Required action: Consider the listing below. Extract exactly the lines from the line containing "intro Hf. apply NNPP. intro Hn." to the line containing "- apply Injective_map_NoDup;", both included.

(Records shown)

(* Let $G$ be a finitely generated left-orderable group and $H$ a finite index subgroup of $G$ such that $H$ is Hucha with respect to a family $\mathcal{H}$ of subgroups of $H$. Then $G$ is Hucha with respect to $\mathcal{H}$.
   Context: A positive cone of $G$ is a subsemigroup $P$ with $G=P\sqcup P^{-1}\sqcup\{1\}$; $G$ is left-orderable if it has one. With a finite symmetric generating set $X$ and word metric $d_X$, an $r$-path is a sequence $g_0,\dots,g_n$ with $d_X(g_i,g_{i+1})\le r$. A set $S$ $r$-disconnects subsets $H_1,H_2$ if every $r$-path starting in $H_1$ and ending in $H_2$ meets $S$; $S$ $r$-disconnects $P$ if there are $u,v\in P$ with $S$ $r$-disconnecting $\{u\},\{v\}$. A negative swamp of width $r$ for a subgroup $K$ (with respect to a positive cone $P$) is $S\subseteq P^{-1}$ that $r$-disconnects $P$ and $r$-disconnects $g_1K$ and $g_2K$ for some $g_1,g_2\in G$. A finitely generated left-orderable group $G$ is Hucha with respect to a family $\mathcal{H}$ of subgroups if for some finite generating set $X$ (equivalently, any), for every positive cone $P$, every $K\in\mathcal{H}$ and every $r>0$ there is a negative swamp of width $r$ for $K$ in $\Gamma(G,X)$. *)

From Stdlib Require Import List Arith.
Import ListNotations.

Record group := Group {
  carrier :> Type;
  mul : carrier -> carrier -> carrier;
  inv : carrier -> carrier;
  one : carrier;
  mulA : forall x y z, mul x (mul y z) = mul (mul x y) z;
  mul1g : forall x, mul one x = x;
  mulg1 : forall x, mul x one = x;
  mulVg : forall x, mul (inv x) x = one;
  mulgV : forall x, mul x (inv x) = one
}.

Section Defs.
Variable G : group.

Definition subset (A B : G -> Prop) : Prop := forall x, A x -> B x.

Definition subgroup (S : G -> Prop) : Prop :=
  S (one G) /\ (forall x y, S x -> S y -> S (mul G x y)) /\
  (forall x, S x -> S (inv G x)).

Definition finite_index (S : G -> Prop) : Prop :=
  exists T : list G, forall g : G, exists t, In t T /\ exists s, S s /\ g = mul G t s.

Definition wprod (w : list G) : G := fold_right (mul G) (one G) w.

Definition generates (S : G -> Prop) (X : list G) : Prop :=
  (forall x, In x X -> S x) /\
  (forall x, In x X -> In (inv G x) X) /\
  (forall g, S g -> exists w, (forall x, In x w -> In x X) /\ wprod w = g).

Definition finitely_generated (S : G -> Prop) : Prop := exists X, generates S X.

(* word metric: d_X(g,h) <= r iff g^{-1} h is a product of at most r letters of X *)
Definition dist_le (X : list G) (g h : G) (r : nat) : Prop :=
  exists w, (forall x, In x w -> In x X) /\ length w <= r /\ mul G g (wprod w) = h.

Fixpoint chain (R : G -> G -> Prop) (x : G) (l : list G) : Prop :=
  match l with
  | nil => True
  | y :: l' => R x y /\ chain R y l'
  end.

Definition rpath (X : list G) (r : nat) (x : G) (l : list G) : Prop :=
  chain (fun a b => dist_le X a b r) x l.

Definition r_disconnects (X : list G) (r : nat) (Sw A B : G -> Prop) : Prop :=
  forall x l, A x -> B (last l x) -> rpath X r x l ->
    exists y, In y (x :: l) /\ Sw y.

Definition positive_cone (S P : G -> Prop) : Prop :=
  subset P S /\
  (forall x y, P x -> P y -> P (mul G x y)) /\
  (forall g, S g -> P g \/ P (inv G g) \/ g = one G) /\
  (forall g, ~ (P g /\ P (inv G g))) /\
  ~ P (one G).

Definition left_orderable (S : G -> Prop) : Prop := exists P, positive_cone S P.

Definition coset (g : G) (K : G -> Prop) : G -> Prop :=
  fun x => exists k, K k /\ x = mul G g k.

Definition negative_swamp (S : G -> Prop) (X : list G) (P K : G -> Prop) (r : nat)
  (Sw : G -> Prop) : Prop :=
  (forall y, Sw y -> P (inv G y)) /\
  (exists u v, P u /\ P v /\
     r_disconnects X r Sw (fun x => x = u) (fun x => x = v)) /\
  (exists g1 g2, S g1 /\ S g2 /\
     r_disconnects X r Sw (coset g1 K) (coset g2 K)).

Definition Hucha (S : G -> Prop) (F : (G -> Prop) -> Prop) : Prop :=
  left_orderable S /\
  exists X, generates S X /\
    forall P, positive_cone S P ->
    forall K, F K ->
    forall r, 0 < r ->
    exists Sw, negative_swamp S X P K r Sw.

End Defs.

(* Every element of G has a power in the finite-index subgroup H, so for each g
   in G some h in H satisfies g h >= 1; doing this uniformly over finitely many
   coset representatives gives a retraction rho : G -> H fixing H with
   g <= rho g and d_X(g, rho g) bounded.  Hence rho is coarsely Lipschitz from
   (G, d_X) to (H, d_Y).  The preimage under rho of a negative swamp of large
   width for the cone P restricted to H then still separates the same subsets
   of H, now for r-paths in G, and it is negative since g <= rho g < 1. *)

From Stdlib Require Import List Arith Lia Classical IndefiniteDescription FinFun.
Import ListNotations.

Lemma list_uniform_bound (A : Type) (L : list A) (Q : A -> nat -> Prop) :
  (forall a m n, m <= n -> Q a m -> Q a n) ->
  (forall a, In a L -> exists n, Q a n) ->
  exists N, forall a, In a L -> Q a N.
Proof.
  intros Qmono HL. induction L as [|a L IH].
  - exists 0. intros _ [].
  - destruct (HL a (in_eq a L)) as [n Qn].
    destruct IH as [N HN]; [intros b Hb; apply HL, in_cons, Hb|].
    exists (max n N). intros b [<-|Hb].
    + exact (Qmono a n _ (Nat.le_max_l n N) Qn).
    + exact (Qmono b N _ (Nat.le_max_r n N) (HN b Hb)).
Qed.

Lemma pigeonhole (A : Type) (T : list A) (f : nat -> A) :
  (forall k, In (f k) T) -> exists i j, i < j /\ f i = f j.
Proof.
  intro Hf. apply NNPP. intro Hn.
  assert (Finj : Injective f).
  { intros a b E. destruct (lt_eq_lt_dec a b) as [[Hab|Hab]|Hab]; auto;
      exfalso; apply Hn; eauto. }
  assert (Hlen : length (map f (seq 0 (S (length T)))) <= length T).
  { apply NoDup_incl_length.
    - apply Injective_map_NoDup; [exact Finj | apply seq_NoDup].
    - intros y Hy. apply in_map_iff in Hy. destruct Hy as [k [<- _]]. apply Hf. }
  rewrite length_map, length_seq in Hlen. lia.
Qed.

Lemma last_map (A B : Type) (f : A -> B) (l : list A) (x : A) :
  last (map f l) (f x) = f (last l x).
Proof.
  revert x. induction l as [|a l IH]; intro x; [reflexivity|].
  destruct l as [|b l]; [reflexivity|]. exact (IH x).
Qed.

Section GroupFacts.

Variable G : group.

Local Infix "·" := (mul G) (at level 40, left associativity).
Local Notation "x ⁻¹" := (inv G x) (at level 3, left associativity, format "x ⁻¹").

Lemma mulgI (a b c : G) : a · b = a · c -> b = c.
Proof.
  intro E. rewrite <- (mul1g G b), <- (mul1g G c), <- (mulVg G a), <- !mulA, E.
  reflexivity.
Qed.

Lemma invg_uniq (a b : G) : a · b = one G -> b = a⁻¹.
Proof. intro E. apply (mulgI a). rewrite E, mulgV. reflexivity. Qed.

Lemma invMg (a b : G) : (a · b)⁻¹ = b⁻¹ · a⁻¹.
Proof.
  symmetry. apply invg_uniq.
  rewrite <- mulA, (mulA G b), mulgV, mul1g, mulgV. reflexivity.
Qed.

Lemma invgK (a : G) : a⁻¹⁻¹ = a.
Proof. symmetry. apply invg_uniq, mulVg. Qed.

Lemma invg1 : (one G)⁻¹ = one G.
Proof. symmetry. apply invg_uniq, mul1g. Qed.

Lemma mulKg (a b : G) : a⁻¹ · (a · b) = b.
Proof. rewrite mulA, mulVg, mul1g. reflexivity. Qed.

Lemma mulKVg (a b : G) : a · (a⁻¹ · b) = b.
Proof. rewrite mulA, mulgV, mul1g. reflexivity. Qed.

Lemma wprod_app (w1 w2 : list G) : wprod G (w1 ++ w2) = wprod G w1 · wprod G w2.
Proof.
  induction w1 as [|a w IH]; simpl.
  - rewrite mul1g. reflexivity.
  - rewrite IH, mulA. reflexivity.
Qed.

Lemma wprod_rev_inv (w : list G) : wprod G (rev (map (inv G) w)) = (wprod G w)⁻¹.
Proof.
  induction w as [|a w IH]; simpl.
  - rewrite invg1. reflexivity.
  - rewrite wprod_app, IH, invMg. simpl. rewrite mulg1. reflexivity.
Qed.

Fixpoint expg (x : G) (n : nat) : G :=
  match n with 0 => one G | S m => x · expg x m end.

Lemma expgD (x : G) (m n : nat) : expg x (m + n) = expg x m · expg x n.
Proof.
  induction m as [|m IH]; simpl.
  - rewrite mul1g. reflexivity.
  - rewrite IH, mulA. reflexivity.
Qed.

Section WordMetric.

Variable X : list G.

Lemma dist_le_refl (g : G) (r : nat) : dist_le G X g g r.
Proof. exists []. simpl. rewrite mulg1. repeat split; [intros _ []|lia]. Qed.

Lemma dist_le_weaken (g h : G) (r s : nat) :
  r <= s -> dist_le G X g h r -> dist_le G X g h s.
Proof. intros Hrs [w [Hw [Lw Ew]]]. exists w. repeat split; auto. lia. Qed.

(End Records shown)

Answer below:
  intro Hf. apply NNPP. intro Hn.
  assert (Finj : Injective f).
  { intros a b E. destruct (lt_eq_lt_dec a b) as [[Hab|Hab]|Hab]; auto;
      exfalso; apply Hn; eauto. }
  assert (Hlen : length (map f (seq 0 (S (length T)))) <= length T).
  { apply NoDup_incl_length.
    - apply Injective_map_NoDup; [exact Finj | apply seq_NoDup].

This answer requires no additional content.